Yep. I’m wiped out. I pushed too hard again, am facing a possible setback that I won’t get into yet, and just am burned out at the moment. What’s worse is that I want to start working on book 2 but just cannot find the handle I thought I had, so I may have sunk too deep into the philosophical and just need to say “Screw you, plotline! I’m pantsing the hell out of this book too!”
It’s even affecting my posts as I have now shelved 3 of them I’ve started that got too deep into the philosophical end of the pool and I realized I didn’t know what I was babbling about. So you get this one instead. Maybe I’m just trying too hard.
I know where I need to be at the end, I just don’t know where to start or how to get there. It’s like waking up in the trunk of a car at an unknown airport. I know I need to get home, but first I have to figure out where I am and then how to pay for the tickets without a wallet.
On a positive note, my copy of The Story Grid showed up and I’m reading it. Some good stuff which will probably help me out of this hole relatively quickly.
I’m sorry you’re going through a rough spot. I’ve found that stepping away from a work for a day or two usually helps. (And honestly, I think your willingness to pants it might also get you started! Sometimes it works for me.)
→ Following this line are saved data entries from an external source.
Lemma r_neg_s_add_2r_zero (a0 : R) : 0 <= v -> nonconstant a b r s ->
  is_lim a m_infty a0 -> 0 < a0 -> is_lim r m_infty 0 -> is_lim s m_infty 0 ->
  is_lim a p_infty 0 -> forall t, r t < 0 /\ s t + 2 * r t = 0.
Proof.
  intros Hv Hnc Ham Ha0 Hrm Hsm Hap.
  destruct (is_lim_m_infty_near a a0 a0 Ham Ha0) as [T HT].
  assert (Ha : forall t, t <= T -> 0 < a t).
  { intros t Ht. specialize (HT t Ht). apply Rabs_def2 in HT. lra. }
  pose proof (r_nonpos_where_a_pos T Hv Hnc Ha Hrm Hap) as Hr.
  pose proof (s_add_2r_zero_where_a_pos T Hv Ha Hr Hrm Hsm) as Hw.
  assert (Hneg : forall t, t <= T -> r t < 0).
  { intros t Ht. destruct (Hr t Ht) as [|Hr0]; auto.
    destruct (rest_point_not_nonconstant t); auto. specialize (Hw t Ht). lra. }
  assert (Hneg' : forall t, T <= t -> r t < 0).
  { intros t Ht. destruct (Rlt_dec (r t) 0) as [|Hrt]; auto. exfalso.
    specialize (Hneg T (Rle_refl T)).
    destruct (continuity_first_root (fun t => - r t) T t) as [eta [Heta [Hreta Hpos]]];
      [apply continuity_opp, trajectory_continuity | destruct (Req_dec T t) as [->|] | | |];
      try lra.
    apply (rest_point_not_nonconstant eta); auto; [lra|].
    assert (s eta + 2 * r eta = 0); [|lra].
    apply (s_add_2r_zero_stable T eta T eta); try lra.
    - intros z Hz. destruct (Req_dec z eta) as [->|]; [lra|]. specialize (Hpos z ltac:(lra)). lra.
    - apply Hw, Rle_refl. }
  intros t. destruct (Rle_dec t T).
  - split; [apply Hneg | apply Hw]; lra.
  - split; [apply Hneg'; lra|].
    apply (s_add_2r_zero_stable T t T t); try lra.
    + intros z Hz. left. apply Hneg'. lra.
    + apply Hw, Rle_refl.
Qed.

Lemma first_integral_limit x p q : tends_to a b r s x p q ->
  forall t, s t + v * b t + a t ^ 2 / 2 = 0 + v * q + p ^ 2 / 2.
Proof.
  intros (Ha & Hb & _ & Hs). apply (is_lim_const_fun _ x); [exact first_integral|].
  apply is_lim_plus'; [apply is_lim_plus'; [exact Hs | exact (is_lim_scal_l b v x q Hb)]|].
  exact (is_lim_comp_ex_derive (fun y => y ^ 2 / 2) a x p ltac:(auto_derive; auto) Ha).
Qed.

Lemma not_nonconstant_of_a_to_zero : 0 < v ->
  is_lim a m_infty 0 -> is_lim r m_infty 0 -> is_lim s m_infty 0 -> ~ nonconstant a b r s.
Proof.
  intros Hv Ham Hrm Hsm.
  destruct (is_lim_m_infty_near a 0 (4 * v / 5) Ham) as [T HT]; [lra|].
  assert (Hlim : is_lim (fun t => r t ^ 2 + s t ^ 2) m_infty (0 ^ 2 + 0 ^ 2)).
  { apply is_lim_plus'; apply (is_lim_comp_ex_derive (fun y => y ^ 2)); auto; auto_derive; auto. }
  assert (HQ : r T ^ 2 + s T ^ 2 <= 0 ^ 2 + 0 ^ 2).
  { apply (is_lim_lower_bound (fun t => r t ^ 2 + s t ^ 2) m_infty _ _); [|exact Hlim].
    exists T. intros t Ht.
    apply (is_derive_nonpos_ge (fun t => r t ^ 2 + s t ^ 2)
             (fun t => speed2_rhs v (a t) (r t) (s t)) t T);
      [lra | intros; apply is_derive_speed2 |].
    intros z Hz. specialize (HT z ltac:(lra)). rewrite Rminus_0_r in HT.
    destruct (speed2_rhs_between v (a z) (r z) (s z) (4 * v / 5)) as [_ Hle]; [lra|].
    replace (- 2 * v + 5 / 2 * (4 * v / 5)) with 0 in Hle by field. lra. }
  apply (rest_point_not_nonconstant T); nra.
Qed.

Lemma H1_endpoint a0 b0 : 0 < v -> nonconstant a b r s -> H1 a b r s a0 b0 -> 0 < a0 ->
  a0 = 4 * v /\ b0 = -8 * v + 2 /\ forall t, r t < 0.
Proof.
  intros Hv Hnc [Hm Hp] Ha0.
  destruct Hm as (Ham & Hbm & Hrm & Hsm). pose proof Hp as (Hap & Hbp & _).
  pose proof (r_neg_s_add_2r_zero a0 ltac:(lra) Hnc Ham Ha0 Hrm Hsm Hap) as Hprof.
  assert (Hba : forall t u, b t + 2 * a t = b u + 2 * a u).
  { apply is_derive_zero_const. intros t. destruct (traj t) as (Ha & Hb & _).
    auto_derive_hyps. destruct (Hprof t). lra. }
  pose proof (is_lim_const_fun _ p_infty _ Hba
                (is_lim_plus' _ _ _ _ _ Hbp (is_lim_scal_l a 2 p_infty 0 Hap))) as Hba_p.
  pose proof (is_lim_const_fun _ m_infty _ Hba
                (is_lim_plus' _ _ _ _ _ Hbm (is_lim_scal_l a 2 m_infty a0 Ham))) as Hba_m.
  pose proof (first_integral_limit p_infty 0 2 Hp) as Hint.
  assert (Hpar : forall t, r t + (- a t ^ 2 / 4 + v * a t) = 0).
  { intros t. specialize (Hba_p t). specialize (Hint t). destruct (Hprof t) as [_ Hw].
    assert (b t = 2 - 2 * a t) by lra. assert (s t = - 2 * r t) by lra. nra. }
  assert (Hpar0 : r 0 + (- a 0 ^ 2 / 4 + v * a 0) = 0 + (- a0 ^ 2 / 4 + v * a0)).
  { apply (is_lim_const_fun (fun t => r t + (- a t ^ 2 / 4 + v * a t)) m_infty).
    - intros t u. now rewrite !Hpar.
    - apply is_lim_plus'; [exact Hrm|].
      exact (is_lim_comp_ex_derive (fun y => - y ^ 2 / 4 + v * y) a m_infty a0
               ltac:(auto_derive; auto) Ham). }
  rewrite Hpar in Hpar0.
  assert (a0 = 4 * v) by nra.
  specialize (Hba_p 0). specialize (Hba_m 0).
  repeat split; [lra | lra | intros t; apply Hprof].
Qed.
Lemma plane_deriv_c F : has_partial c F ->
  forall x y, derivable_pt_lim (fun t => F (plane x t)) y (pd c F (plane x y)).
Proof.
move=> F_deriv x y; have := F_deriv (plane x y); rewrite plane_c.
congr derivable_pt_lim; apply: functional_extensionality => t.
by rewrite upd_plane_c.
Qed.

End CoordinatePlane.

Lemma clairaut f b c p : smooth f -> pd b (pd c f) p = pd c (pd b f) p.
Proof.
move=> f_smooth; case: (eqVneq b c) => [-> // | bc].
apply: (uniqueness_limite (fun x => pd c f (upd p b x)) (p b)).
  exact: (smooth_partial [:: c] b f_smooth).
have gxy_cont : forall eps, 0 < eps -> exists d, 0 < d /\ forall x y,
    Rabs (x - p b) < d -> Rabs (y - p c) < d ->
    Rabs (pd c (pd b f) (plane p b c x y) - pd c (pd b f) (plane p b c (p b) (p c))) < eps.
  move=> eps eps_gt0; rewrite plane_center //.
  have [d [d_gt0 near]] := proj1 (f_smooth [:: c; b]) p eps eps_gt0.
  by exists d; split => // x y x_near y_near; apply/near/plane_near.
have := schwarz (plane_deriv_b p bc (smooth_partial [::] b f_smooth))
  (plane_deriv_c p b (smooth_partial [::] c f_smooth))
  (plane_deriv_c p b (smooth_partial [:: b] c f_smooth)) gxy_cont.
rewrite plane_center //; congr derivable_pt_lim; apply: functional_extensionality => x.
by rewrite plane_axis.
Qed.

Lemma Rplus_assoc_law : associative Rplus.
Proof. by move=> x y z; rewrite Rplus_assoc. Qed.

HB.instance Definition _ :=
  Monoid.isComLaw.Build R 0 Rplus Rplus_assoc_law Rplus_comm Rplus_0_l.

Lemma big_Ropp (I : Type) (r : seq I) (P : pred I) (F : I -> R) :
  \big[Rplus/0]_(i <- r | P i) - F i = - \big[Rplus/0]_(i <- r | P i) F i.
Proof. by rewrite (big_morph Ropp Ropp_plus_distr Ropp_0). Qed.

Lemma big_Rconst (T : finType) (c : R) : \big[Rplus/0]_(i : T) c = INR #|T| * c.
Proof.
rewrite big_const; elim: #|T| => [|k IH]; first by rewrite /=; ring.
by rewrite iterS IH S_INR; ring.
Qed.

Lemma INR_fact_neq0 k : INR k`! <> 0.
Proof. by apply: not_0_INR => fact0; have := fact_gt0 k; rewrite fact0. Qed.

Lemma sum_perm_image m (G : 'I_m -> R) (s : 'S_m) :
  \big[Rplus/0]_(k : 'I_m) G (s k) = \big[Rplus/0]_(k : 'I_m) G k.
Proof. by rewrite [RHS](reindex_inj (@perm_inj _ s)). Qed.

(* Each point is hit (m-1)! times by s -> s i: averaging over S_m at one point. *)
Lemma sum_perm_at m (G : 'I_m -> R) (i : 'I_m) :
  INR m * \big[Rplus/0]_(s : 'S_m) G (s i) = INR m`! * \big[Rplus/0]_(k : 'I_m) G k.
Proof.
have at_any k : \big[Rplus/0]_(s : 'S_m) G (s k) = \big[Rplus/0]_(s : 'S_m) G (s i).
  rewrite [RHS](reindex_inj (mulgI (tperm i k))).
  by apply: eq_bigr => s _; rewrite permM tpermL.
have -> : INR m * \big[Rplus/0]_(s : 'S_m) G (s i) =
    \big[Rplus/0]_(k : 'I_m) \big[Rplus/0]_(s : 'S_m) G (s k).
  by rewrite (eq_bigr _ (fun k _ => at_any k)) big_Rconst card_ord.
rewrite exchange_big /= (eq_bigr _ (fun s _ => sum_perm_image G s)).
by rewrite big_Rconst card_Sn.
Qed.

Lemma big_Rconst_neq m (k : 'I_m) (c : R) :
  \big[Rplus/0]_(l | l != k) c = (INR m - 1) * c.
Proof.
have := big_Rconst 'I_m c; rewrite (bigD1 k) //= card_ord.
by move=> sum_all; lra.
Qed.

Lemma perm_two_points m (i j i' j' : 'I_m) :
  i != j -> i' != j' -> exists pi : 'S_m, pi i' = i /\ pi j' = j.
Proof.
move=> ij i'j'; set u := tperm i' i j'.
have ui : u != i by rewrite -(tpermL i' i) (inj_eq perm_inj) eq_sym.
have ji : j != i by rewrite eq_sym.
by exists (tperm i' i * tperm u j)%g; rewrite !permM tpermL (tpermD ui ji) -/u tpermL.
Qed.

Lemma sum_pairs_image m (W : 'I_m -> 'I_m -> R) (s : 'S_m) :
  \big[Rplus/0]_(k : 'I_m) \big[Rplus/0]_(l | l != k) W (s k) (s l) =
  \big[Rplus/0]_(k : 'I_m) \big[Rplus/0]_(l | l != k) W k l.
Proof.
rewrite [RHS](reindex_inj (@perm_inj _ s)); apply: eq_bigr => k _.
rewrite [RHS](reindex_inj (@perm_inj _ s)); apply: eq_bigl => l.
by rewrite (inj_eq (@perm_inj _ s)).
Qed.

(* Averaging over S_m at a pair of distinct points: each ordered pair of
   distinct points is hit (m-2)! times by s -> (s i, s j). *)
Lemma sum_perm_at2 m (W : 'I_m -> 'I_m -> R) (i j : 'I_m) : i != j ->
  INR m * (INR m - 1) * \big[Rplus/0]_(s : 'S_m) W (s i) (s j) =
  INR m`! * \big[Rplus/0]_(k : 'I_m) \big[Rplus/0]_(l | l != k) W k l.
Proof.
move=> ij; set S := \big[Rplus/0]_(s : 'S_m) W (s i) (s j).
have at_any k l : l != k -> \big[Rplus/0]_(s : 'S_m) W (s k) (s l) = S.
  rewrite eq_sym => kl; have [pi [pik pjl]] := perm_two_points kl ij.
  rewrite /S [RHS](reindex_inj (mulgI pi)).
  by apply: eq_bigr => s _; rewrite !permM pik pjl.
have -> : INR m * (INR m - 1) * S = \big[Rplus/0]_(k : 'I_m)
    \big[Rplus/0]_(l | l != k) \big[Rplus/0]_(s : 'S_m) W (s k) (s l).
  rewrite (eq_bigr (fun _ => (INR m - 1) * S)) ?big_Rconst ?card_ord; first ring.
  by move=> k _; rewrite (eq_bigr _ (fun l => at_any k l)) big_Rconst_neq.
rewrite (eq_bigr _ (fun k _ => exchange_big _ _ _ _ _ _)) exchange_big /=.
by rewrite (eq_bigr _ (fun s _ => sum_pairs_image W s)) big_Rconst card_Sn.
Qed.

Definition idx_of (n : nat) (l : seq 'I_4) : 'I_n -> 'I_4 := fun i => nth ord0 l i.

Lemma idx_of_enum n (a : 'I_n -> 'I_4) : idx_of (map a (enum 'I_n)) = a.
Proof.
apply: functional_extensionality => i.
by rewrite /idx_of (nth_map i) ?size_enum_ord // nth_ord_enum.
Qed.

Lemma enum_idx_of n l : size l = n -> map (@idx_of n l) (enum 'I_n) = l.
Proof.
move=> size_l; apply: (@eq_from_nth _ ord0); first by rewrite size_map size_enum_ord.
move=> k; rewrite size_map size_enum_ord => k_lt.
by rewrite (nth_map (Ordinal k_lt)) ?size_enum_ord // (nth_ord_enum _ (Ordinal k_lt)).
Qed.

Lemma perm_rem_cons (T : eqType) (x : T) (A B : seq T) :
  perm_eq A (x :: B) -> perm_eq (rem x A) B.
Proof.
move=> AxB; have xA : x \in A by rewrite (perm_mem AxB) mem_head.
by rewrite -(perm_cons x); apply: perm_trans AxB; rewrite perm_sym perm_to_rem.
Qed.

Lemma rem_cons_perm (T : eqType) (x y : T) s :
  x \in s -> perm_eq (rem x (y :: s)) (y :: rem x s).
Proof.
move=> xs; apply: perm_rem_cons.
by rewrite perm_sym (perm_catCA [:: x] [:: y]) /= perm_cons perm_sym perm_to_rem.
Qed.

Lemma size_cons_rem (T : eqType) (x y : T) s :
  x \in s -> size (y :: rem x s) = size s.
Proof. by move=> xs; rewrite [LHS]/= size_rem //; case: s xs. Qed.

Lemma perm_enum_image (A : finType) (T : eqType) (s : {perm A}) (e : A -> T) :
  perm_eq (map (e \o s) (enum A)) (map e (enum A)).
Proof.
rewrite map_comp; apply: perm_map; apply: uniq_perm.
- by rewrite map_inj_uniq ?enum_uniq //; exact: perm_inj.
- exact: enum_uniq.
move=> x; rewrite mem_enum; apply/mapP; exists (s^-1 x)%g; first by rewrite mem_enum.
by rewrite permKV.
Qed.

Lemma symmetric_perm n (X : tfield n) (l l' : seq 'I_4) :
  totally_symmetric X -> size l = n -> perm_eq l l' -> X (idx_of l) = X (idx_of l').
Proof.
move=> Xsym size_l ll'; have size_l' : size l' == n by rewrite -(perm_size ll') size_l.
have /tuple_permP [s ->] : perm_eq l (Tuple size_l') by [].
rewrite -[RHS](Xsym _ s); congr X; apply: functional_extensionality => i.
by rewrite /idx_of (nth_map i) ?size_enum_ord // nth_ord_enum (tnth_nth ord0).
Qed.

Section AffineSums.
Variables (n : nat) (X : tfield n) (p : pt).
Hypothesis Xsmooth : forall a, smooth (X a).
Hypothesis Xsym : totally_symmetric X.
Hypothesis Xaff : affine X.

Definition dd (b c : 'I_4) (l : seq 'I_4) : R := pd b (pd c (X (idx_of l))) p.

Lemma dd_perm b c l l' : size l = n -> perm_eq l l' -> dd b c l = dd b c l'.
Proof. by move=> size_l ll'; rewrite /dd (symmetric_perm Xsym size_l ll'). Qed.

Lemma dd_sym b c l : dd b c l = dd c b l.
Proof. exact: clairaut. Qed.

Lemma affine_sum b E : size E = n.+1 ->
  \big[Rplus/0]_(x <- E) dd b x (rem x E) = 0.
Proof.
move=> size_E; pose e := @idx_of n.+1 E.
pose G k := dd b (e k) (rem (e k) E).
have sum_G_first : \big[Rplus/0]_(s : 'S_n.+1) G (s ord0) = 0.
  have /Rmult_integral [inv0 | sum0] := Xaff b e p.
    by case: (Rinv_neq_0_compat _ (@INR_fact_neq0 n.+1) inv0).
  rewrite -[RHS]sum0; apply: eq_bigr => s _.
  rewrite /G /dd -(idx_of_enum (fun i => e (s (lift ord0 i)))).
  congr (pd b (pd _ _) p); apply: symmetric_perm => //.
    by rewrite size_rem ?size_E // -(enum_idx_of size_E) map_f ?mem_enum.
  apply: perm_rem_cons; rewrite -[in L in perm_eq L](enum_idx_of size_E) perm_sym.
  by have := perm_enum_image s e; rewrite enum_ordSl /= -map_comp.
have := sum_perm_at G ord0; rewrite sum_G_first Rmult_0_r.
move=> /esym /Rmult_integral [fact0 | sum_G]; first by case: (INR_fact_neq0 fact0).
by rewrite -{1}(enum_idx_of size_E) big_map big_enum.
Qed.

Lemma affine_exchange b c l : size l = n ->
  dd b c l = - \big[Rplus/0]_(x <- l) dd b x (c :: rem x l).
Proof.
move=> size_l; have := affine_sum b (E := c :: l) ltac:(by rewrite /= size_l).
rewrite big_cons [rem c _]/= eqxx (eq_big_seq (fun x => dd b x (c :: rem x l))).
  by move=> sum0; apply: Rplus_opp_r_uniq; rewrite Rplus_comm.
move=> x xl; apply: dd_perm; last exact: rem_cons_perm.
by rewrite size_rem /= ?inE ?xl ?orbT ?size_l.
Qed.

(* Step 3 of the plan: exchanging r, then t. *)
Lemma twice_dd r t A : size A = n ->
  2 * dd r t A = \big[Rplus/0]_(x <- A) \big[Rplus/0]_(y <- rem x A)
                   dd x y (r :: t :: rem y (rem x A)).
Proof.
move=> size_A.
have inner x : x \in A -> dd x r (t :: rem x A) + dd x t (r :: rem x A) =
    - \big[Rplus/0]_(y <- rem x A) dd x y (r :: t :: rem y (rem x A)).
  move=> xA; set B := rem x A.
  have size_tB : size (t :: B) = n by rewrite size_cons_rem.
  rewrite (affine_exchange x r size_tB) big_cons [rem t _]/= eqxx.
  rewrite [S in - (_ + S)](eq_big_seq (fun y => dd x y (r :: t :: rem y B))).
    by rewrite Ropp_plus_distr Rplus_comm -Rplus_assoc Rplus_opp_r Rplus_0_l.
  move=> y yB; apply: dd_perm; first by rewrite size_cons_rem ?inE ?yB ?orbT.
  by rewrite perm_cons rem_cons_perm.
rewrite -[2]/(1 + 1) Rmult_plus_distr_r Rmult_1_l {2}dd_sym.
rewrite !affine_exchange // -Ropp_plus_distr -big_split -big_Ropp /=.
apply: eq_big_seq => x xA.
by rewrite (dd_sym r) (dd_sym t) inner // Ropp_involutive.
Qed.
End AffineSums.

Lemma sum_distinct_pairs (I : finType) (T : eqType) (a : I -> T) (H : T -> T -> R) :
  \big[Rplus/0]_(x <- map a (enum I)) \big[Rplus/0]_(y <- rem x (map a (enum I))) H x y =
  \big[Rplus/0]_(i : I) \big[Rplus/0]_(j | j != i) H (a i) (a j).
Proof.
rewrite big_map big_enum; apply: eq_bigr => i _.
have ai_in : a i \in map a (enum I) by rewrite map_f ?mem_enum.
have := perm_big (op := Rplus) (x := 0) (P := predT) (F := H (a i)) _ (perm_to_rem ai_in).
by rewrite big_cons big_map big_enum (bigD1 i) //= => /Rplus_eq_reg_l/esym.
Qed.

Lemma getidx_inord m (f : 'I_m.+1 -> 'I_4) k : (k < m.+1)%N -> getidx f k = f (inord k).
Proof.
move=> k_lt; rewrite /getidx insubT /=; congr f.
by apply: val_inj; rewrite /= inordK.
Qed.

Lemma map_enum_iota m (T : Type) (e : 'I_m.+1 -> T) :
  map e (enum 'I_m.+1) = map (fun k => e (inord k)) (iota 0 m.+1).
Proof. by rewrite -val_enum_ord -map_comp; apply: eq_map => i /=; rewrite inord_val. Qed.
Lemma continuous_Rminus (f g : R -> R) (x : R) :
  continuous f x -> continuous g x -> continuous (fun y => f y - g y) x.
Proof. apply (@continuous_minus R_UniformSpace R_AbsRing R_NormedModule). Qed.

Lemma continuous_Ropp (f : R -> R) (x : R) :
  continuous f x -> continuous (fun y => - f y) x.
Proof. apply (@continuous_opp R_UniformSpace R_AbsRing R_NormedModule). Qed.

Lemma continuous_Rmult (f g : R -> R) (x : R) :
  continuous f x -> continuous g x -> continuous (fun y => f y * g y) x.
Proof. apply (@continuous_mult R_UniformSpace R_AbsRing). Qed.

Lemma continuous_of_is_derive (f f' : R -> R) (x : R) : is_derive f x (f' x) -> continuous f x.
Proof. intro H. apply (@ex_derive_continuous R_AbsRing R_NormedModule). now exists (f' x). Qed.

Lemma is_derive_opp_sin (x : R) : is_derive (fun z => - sin z) x (- cos x).
Proof. auto_derive; auto. ring. Qed.

Lemma is_derive_opp_cos (x : R) : is_derive (fun z => - cos z) x (sin x).
Proof. auto_derive; auto. ring. Qed.

Local Hint Resolve continuous_Ropp continuous_sin continuous_cos
  is_derive_sin is_derive_cos is_derive_opp_sin is_derive_opp_cos : core.

Lemma is_derive_Re (f : R -> C) (x : R) (l : C) :
  @is_derive R_AbsRing C_R_NormedModule f x l -> is_derive (fun y => Re (f y)) x (Re l).
Proof.
  intro H. apply (filterdiff_comp f fst (fun y => scal y l) fst H).
  apply filterdiff_linear, is_linear_fst.
Qed.

Lemma is_derive_Im (f : R -> C) (x : R) (l : C) :
  @is_derive R_AbsRing C_R_NormedModule f x l -> is_derive (fun y => Im (f y)) x (Im l).
Proof.
  intro H. apply (filterdiff_comp f snd (fun y => scal y l) snd H).
  apply filterdiff_linear, is_linear_snd.
Qed.

Lemma continuous_bounded_on_segment (f : R -> R) (a b : R) :
  a <= b -> (forall k, continuous f k) ->
  exists B, 0 <= B /\ forall k, a <= k <= b -> Rabs (f k) <= B.
Proof.
  intros Hab Hc.
  destruct (continuity_ab_maj (fun k => Rabs (f k)) a b Hab) as [x [Hx _]].
  { intros c _. apply continuity_pt_filterlim, continuous_Rabs_comp, Hc. }
  exists (Rabs (f x)). split; [apply Rabs_pos | exact Hx].
Qed.

Lemma continuous_vanishing_left (f : R -> R) (a : R) :
  continuous f a -> (forall k, k < a -> f k = 0) -> f a = 0.
Proof.
  intros Hc Hz.
  apply (@filterlim_locally_unique R R_AbsRing R_NormedModule (at_left a) _ f).
  - eapply filterlim_filter_le_1; [apply filter_le_within | exact Hc].
  - apply filterlim_ext_loc with (f := fun _ => 0); [|apply filterlim_const].
    exists (mkposreal 1 Rlt_0_1). intros y _ Hy. symmetry. apply Hz, Hy.
Qed.

Lemma continuous_vanishing_right (f : R -> R) (a : R) :
  continuous f a -> (forall k, a < k -> f k = 0) -> f a = 0.
Proof.
  intros Hc Hz.
  apply (@filterlim_locally_unique R R_AbsRing R_NormedModule (at_right a) _ f).
  - eapply filterlim_filter_le_1; [apply filter_le_within | exact Hc].
  - apply filterlim_ext_loc with (f := fun _ => 0); [|apply filterlim_const].
    exists (mkposreal 1 Rlt_0_1). intros y _ Hy. symmetry. apply Hz, Hy.
Qed.

Lemma RInt_parts_vanishing (F F' G G' : R -> R) (a b : R) :
  a <= b ->
  (forall k, a <= k <= b -> is_derive F k (F' k)) ->
  (forall k, a <= k <= b -> is_derive G k (G' k)) ->
  (forall k, a <= k <= b -> continuous F' k) ->
  (forall k, a <= k <= b -> continuous G' k) ->
  F a * G a = 0 -> F b * G b = 0 ->
  RInt (fun k => F' k * G k) a b = - RInt (fun k => F k * G' k) a b.
Proof.
  intros Hab HF HG HF' HG' Ha Hb.
  assert (Hseg : forall k, Rmin a b <= k <= Rmax a b -> a <= k <= b)
    by (intro k; rewrite Rmin_left, Rmax_right by lra; easy).
  assert (HFc : forall k, a <= k <= b -> continuous F k)
    by (intros; apply (continuous_of_is_derive F F'); auto).
  assert (HGc : forall k, a <= k <= b -> continuous G k)
    by (intros; apply (continuous_of_is_derive G G'); auto).
  assert (Hex1 : ex_RInt (fun k => F' k * G k) a b).
  { apply (@ex_RInt_continuous R_CompleteNormedModule).
    intros k Hk%Hseg. apply continuous_Rmult; auto. }
  assert (Hex2 : ex_RInt (fun k => F k * G' k) a b).
  { apply (@ex_RInt_continuous R_CompleteNormedModule).
    intros k Hk%Hseg. apply continuous_Rmult; auto. }
  assert (Hprod : is_RInt (fun k => F' k * G k + F k * G' k) a b (F b * G b - F a * G a)).
  { apply (is_RInt_derive (fun k => F k * G k)); intros k Hk%Hseg.
    - apply (is_derive_mult F G); auto. apply Rmult_comm.
    - apply continuous_Rplus; apply continuous_Rmult; auto. }
  apply (is_RInt_unique (V := R_CompleteNormedModule)) in Hprod.
  pose proof (RInt_plus _ _ _ _ Hex1 Hex2) as Hsum. unfold plus in Hsum; simpl in Hsum.
  rewrite Hsum in Hprod. lra.
Qed.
Thanks for the encouragement. 🙂
Book 1 and 3 were pantsed till the last section when I had to do a flowchart for all the threads I had going on. But I also need to consider what my Foolscap summary is going to contain and not to mention re-focus on the fundamentals of the story. Book 2 was unplanned because I did not expect a character (Brother Finn) to become as popular as he did, and it fits in the timeline I have.